- YOUR ASSIGNMENT -
Where the records below show a line containing "points; so for", start copying; end with the line containing "Proof. by rewrite inE => /eqP defGamma;", and copy it too.

(Saved data entries)
=== Begin Enclosure ===

(* Let $\mathcal V$ be a finite set, $2\le k\le|\mathcal V|-2$, let $\Gamma\subset\binom{\mathcal V}{k}$ be a code such that $G:={\rm Aut}(\Gamma)\cap{\rm Sym}(\mathcal V)$ is transitive on $\mathcal V$. Then for $u\in\mathcal V$ the set $\Delta(u)=\bigcap\{\gamma'\in\Gamma : u\in\gamma'\}$ is a block of imprimitivity for $G$ in $\mathcal V$. In particular, if $G$ is primitive on $\mathcal V$, then $\Delta(u)=\{u\}$.
   Context: A code is a proper non-empty subset $\Gamma$ of $\binom{\mathcal V}{k}$, the set of $k$-subsets of $\mathcal V$ (vertex set of the Johnson graph $J(|\mathcal V|,k)$, adjacency meaning intersection of size $k-1$). ${\rm Aut}(\Gamma)$ is the setwise stabiliser of $\Gamma$ in the automorphism group of the Johnson graph. *)

From mathcomp Require Import all_boot all_fingroup.
Set Implicit Arguments. Unset Strict Implicit. Unset Printing Implicit Defensive.

Definition ksubsets (V : finType) (k : nat) : {set {set V}} :=
  [set A : {set V} | #|A| == k].

Definition is_code (V : finType) (k : nat) (Gamma : {set {set V}}) : Prop :=
  Gamma != set0 /\ Gamma \proper ksubsets V k.

(* Aut(Gamma) ∩ Sym(V): permutations of V whose induced action on
   k-subsets stabilises Gamma setwise. *)
Definition AutSym (V : finType) (Gamma : {set {set V}}) : {set {perm V}} :=
  [set g : {perm V} | [set (g @: A) | A : {set V} in Gamma] == Gamma].

Definition transitive_on (V : finType) (G : {set {perm V}}) : Prop :=
  forall x y : V, exists2 g, g \in G & g x = y.

Definition is_block (V : finType) (G : {set {perm V}}) (B : {set V}) : Prop :=
  forall g, g \in G -> g @: B = B \/ [disjoint g @: B & B].

Definition primitive_on (V : finType) (G : {set {perm V}}) : Prop :=
  transitive_on G /\
  forall B : {set V}, is_block G B -> B != set0 -> #|B| = 1 \/ B = setT.

Definition Delta (V : finType) (Gamma : {set {set V}}) (u : V) : {set V} :=
  \bigcap_(c in Gamma | u \in c) c.

From mathcomp Require Import all_boot all_fingroup zify.
Set Implicit Arguments. Unset Strict Implicit.

(* Every g in Aut(Gamma) maps the codewords through u onto the codewords
   through g u, hence g (Delta u) = Delta (g u).  Under transitivity all the
   Delta v have the same size, and w in Delta u forces Delta w <= Delta u,
   hence Delta w = Delta u: the sets Delta v partition V, so each is a block.
   Delta u = V is impossible, since a codeword through u has only k < |V|
   points; so for a primitive group the block Delta u is the singleton. *)

Section Delta.
Variables (V : finType) (Gamma : {set {set V}}).

Lemma AutSym_imset g c : g \in AutSym Gamma -> c \in Gamma -> g @: c \in Gamma.
Proof. by rewrite inE => /eqP defGamma Gc; rewrite -defGamma imset_f. Qed.

Lemma AutSym_preimset g c : g \in AutSym Gamma -> c \in Gamma ->
  exists2 c', c' \in Gamma & c = g @: c'.
Proof. by rewrite inE => /eqP defGamma; rewrite -{1}defGamma => /imsetP. Qed.

Lemma DeltaP u x :
  reflect (forall c, c \in Gamma -> u \in c -> x \in c) (x \in Delta Gamma u).
Proof.
apply: (iffP bigcapP) => [inc c Gc uc | inc c /andP[]]; last exact: inc.
by apply: inc; rewrite Gc uc.
Qed.

Lemma Delta_id u : u \in Delta Gamma u.
Proof. by apply/DeltaP. Qed.

Lemma Delta_imset g u :
  g \in AutSym Gamma -> g @: Delta Gamma u = Delta Gamma (g u).
Proof.
move=> autg; apply/setP => x; rewrite -(permKV g x) mem_imset; last exact: perm_inj.
apply/DeltaP/DeltaP => [yDu c Gc | gyDgu c Gc uc].
  have [c' Gc' ->] := AutSym_preimset autg Gc.
  by rewrite !mem_imset; [exact: yDu | exact: perm_inj..].
by rewrite -(mem_imset _ _ (@perm_inj _ g)) gyDgu ?AutSym_imset ?imset_f.
Qed.

Lemma Delta_subset u w : w \in Delta Gamma u -> Delta Gamma w \subset Delta Gamma u.
Proof.
move/DeltaP=> wDu; apply/subsetP => x /DeltaP xDw.
by apply/DeltaP => c Gc uc; apply/xDw/wDu.
Qed.

Hypothesis transG : transitive_on (AutSym Gamma).

Lemma card_Delta u v : #|Delta Gamma v| = #|Delta Gamma u|.
Proof.
have [g autg <-] := transG u v.
by rewrite -Delta_imset // card_imset //; exact: perm_inj.
Qed.

Lemma Delta_eq u w : w \in Delta Gamma u -> Delta Gamma w = Delta Gamma u.
Proof.
by move=> wDu; apply/eqP; rewrite eqEcard Delta_subset // (card_Delta w u) leqnn.
Qed.

Lemma Delta_block u : is_block (AutSym Gamma) (Delta Gamma u).
Proof.
move=> g autg; rewrite Delta_imset //.
have [disj | /pred0Pn[w /andP[wDgu wDu]]] :=
  boolP [disjoint Delta Gamma (g u) & Delta Gamma u]; first by right.
by left; rewrite -(Delta_eq wDgu) (Delta_eq wDu).
Qed.

Lemma Delta_neq_setT k u :
  0 < k < #|V| -> Gamma != set0 -> Gamma \subset ksubsets V k ->
  Delta Gamma u != setT.
Proof.
move=> /andP[k_gt0 k_ltV] /set0Pn[c Gc] /subsetP/(_ c Gc); rewrite inE => /eqP ck.
have /set0Pn[v vc] : c != set0 by rewrite -card_gt0 ck.
apply/negP => /eqP DuT.
have DvT : Delta Gamma v = setT.
  by apply/eqP; rewrite eqEcard subsetT cardsT (card_Delta u) DuT cardsT /=.
have /subset_leq_card : setT \subset c.
  by apply/subsetP => x _; move: (in_setT x); rewrite -DvT => /DeltaP; apply.
by rewrite cardsT ck leqNgt k_ltV.
Qed.

End Delta.

Theorem lemma5p1 (V : finType) (k : nat) (Gamma : {set {set V}}) :
  2 <= k -> k <= #|V| - 2 ->
  is_code k Gamma ->
  transitive_on (AutSym Gamma) ->
  forall u : V,
    is_block (AutSym Gamma) (Delta Gamma u) /\
    (primitive_on (AutSym Gamma) -> Delta Gamma u = [set u]).
Proof.
move=> k_ge2 k_le [Gamma_n0 /proper_sub Gamma_sub] transG u.
split=> [|[_ primG]]; first exact: Delta_block.
have Du_n0 : Delta Gamma u != set0 by apply/set0Pn; exists u; exact: Delta_id.
have k_range : 0 < k < #|V| by apply/andP; split; lia.
have [/eqP/cards1P[x Du1] | DuT] := primG _ (Delta_block transG u) Du_n0.
  by move: (Delta_id Gamma u); rewrite Du1 inE => /eqP <-.
by move/eqP: (Delta_neq_setT transG u k_range Gamma_n0 Gamma_sub); rewrite DuT.
Qed.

=== End Enclosure ===

- EXPECTED ANSWER -
   points; so for a primitive group the block Delta u is the singleton. *)

Section Delta.
Variables (V : finType) (Gamma : {set {set V}}).

Lemma AutSym_imset g c : g \in AutSym Gamma -> c \in Gamma -> g @: c \in Gamma.
Proof. by rewrite inE => /eqP defGamma Gc; rewrite -defGamma imset_f. Qed.

Lemma AutSym_preimset g c : g \in AutSym Gamma -> c \in Gamma ->
  exists2 c', c' \in Gamma & c = g @: c'.
Proof. by rewrite inE => /eqP defGamma; rewrite -{1}defGamma => /imsetP. Qed.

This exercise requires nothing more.